WHAT THE TASK REQUIRES:
Find the word "exists" below. Copy each line that has it.

GIVEN DATA:
──────────

Lemma in_dual_spec P Q n : (0 < P)%Z -> in_dual P Q n = true ->
  exists t, fst n = (t * P - snd n * Q)%Z.
Proof.
  unfold in_dual; intros HP Hn; apply Z.eqb_eq in Hn.
  exists ((fst n + snd n * Q) / P)%Z; pose proof (Z.div_mod (fst n + snd n * Q) P ltac:(lia)); lia.
Qed.

(** * Weighted sums over hyperbolically separated sets *)

Definition hyperbolic_separated (P c : Z) (S : list (Z * Z)) : Prop :=
  forall a b, In a S -> In b S -> a <> b ->
  (P <= c * Z.abs (fst a - fst b) * Z.abs (snd a - snd b))%Z.

Definition weight1 (n : Z * Z) : R := / Rpower (IZR (supnorm (fst n) (snd n))) (3 / 2).

Definition weight2 (n : Z * Z) : R := / ((1 + IZR (Z.abs (fst n))) * (1 + IZR (Z.abs (snd n)))).

Definition pair_swap (n : Z * Z) : Z * Z := (snd n, fst n).

Definition key_range (K : nat) : list Z :=
  map Z.of_nat (seq 1 K) ++ map (fun i => (- Z.of_nat i)%Z) (seq 1 K).

Section HyperbolicSeparated.
Variables (P c N : Z) (S : list (Z * Z)).
Hypotheses (HP : (0 < P)%Z) (Hc : (0 < c)%Z) (HS : NoDup S) (HS0 : ~ In (0, 0)%Z S)
  (Hsep : hyperbolic_separated P c ((0, 0)%Z :: S))
  (Hbox : forall a, In a S -> (Z.abs (fst a) <= N /\ Z.abs (snd a) <= N)%Z).

Lemma separated_from_origin a : In a S -> (P <= c * Z.abs (fst a) * Z.abs (snd a))%Z.
Proof.
  intros Ha; specialize (Hsep a (0, 0)%Z (or_intror Ha) (or_introl eq_refl)).
  rewrite !Z.sub_0_r in Hsep; apply Hsep; intros ->; contradiction.
Qed.

Lemma separated_pair a b : In a S -> In b S -> a <> b ->
  (P <= c * Z.abs (fst a - fst b) * Z.abs (snd a - snd b))%Z.
Proof. intros Ha Hb; apply Hsep; right; assumption. Qed.

(* Points of S in a horizontal strip of height P / (2 c N) coincide. *)
Definition strip_key (a : Z * Z) : Z := (2 * c * N * snd a / P)%Z.

Lemma strip_key_inj a b : In a S -> In b S -> strip_key a = strip_key b -> a = b.
Proof.
  intros Ha Hb Hk; destruct (Zpair_eq_dec a b) as [|Hne]; [assumption|exfalso].
  pose proof (separated_pair a b Ha Hb Hne) as Hs.
  destruct (Hbox a Ha), (Hbox b Hb).
  apply Z_div_eq_close in Hk; [|assumption].
  replace (2 * c * N * snd a - 2 * c * N * snd b)%Z with (2 * c * N * (snd a - snd b))%Z in Hk
    by ring.
  rewrite Z.abs_mul, (Z.abs_eq (2 * c * N)) in Hk by nia.
  assert (Z.abs (fst a - fst b) <= 2 * N)%Z by lia.
  assert (c * Z.abs (fst a - fst b) * Z.abs (snd a - snd b)
          <= c * (2 * N) * Z.abs (snd a - snd b))%Z
    by (apply Z.mul_le_mono_nonneg_r; [lia|]; apply Z.mul_le_mono_nonneg_l; lia).
  lia.
Qed.

Lemma length_separated_le : (Z.of_nat (length S) <= 2 * (2 * c * N * N / P) + 3)%Z.
Proof.
  assert (HK : incl (map strip_key S) (Zrange (Z.to_nat (2 * c * N * N / P + 1)))).
  { intros k Hk; apply in_map_iff in Hk as (a & <- & Ha); apply In_Zrange.
    destruct (Hbox a Ha) as [Ha1 Ha2].
    assert (Hx : (Z.abs (2 * c * N * snd a) <= 2 * c * N * N)%Z).
    { rewrite Z.abs_mul, (Z.abs_eq (2 * c * N)) by nia; apply Z.mul_le_mono_nonneg_l; nia. }
    pose proof (Z_div_abs_le _ _ P HP Hx); pose proof (Z.div_pos (2 * c * N * N) P ltac:(nia) HP).
    unfold strip_key; lia. }
  assert (HND : NoDup (map strip_key S)).
  { apply NoDup_map_NoDup_ForallPairs; [|assumption].
    intros a b Ha Hb; apply strip_key_inj; assumption. }
  pose proof (NoDup_incl_length HND HK) as Hlen.
  rewrite length_map, length_Zrange in Hlen.
  assert (0 <= 2 * c * N * N / P)%Z by (apply Z.div_pos; nia).
  lia.
Qed.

──────────

EXERCISE RESULT:
  exists t, fst n = (t * P - snd n * Q)%Z.
  exists ((fst n + snd n * Q) / P)%Z; pose proof (Z.div_mod (fst n + snd n * Q) P ltac:(lia)); lia.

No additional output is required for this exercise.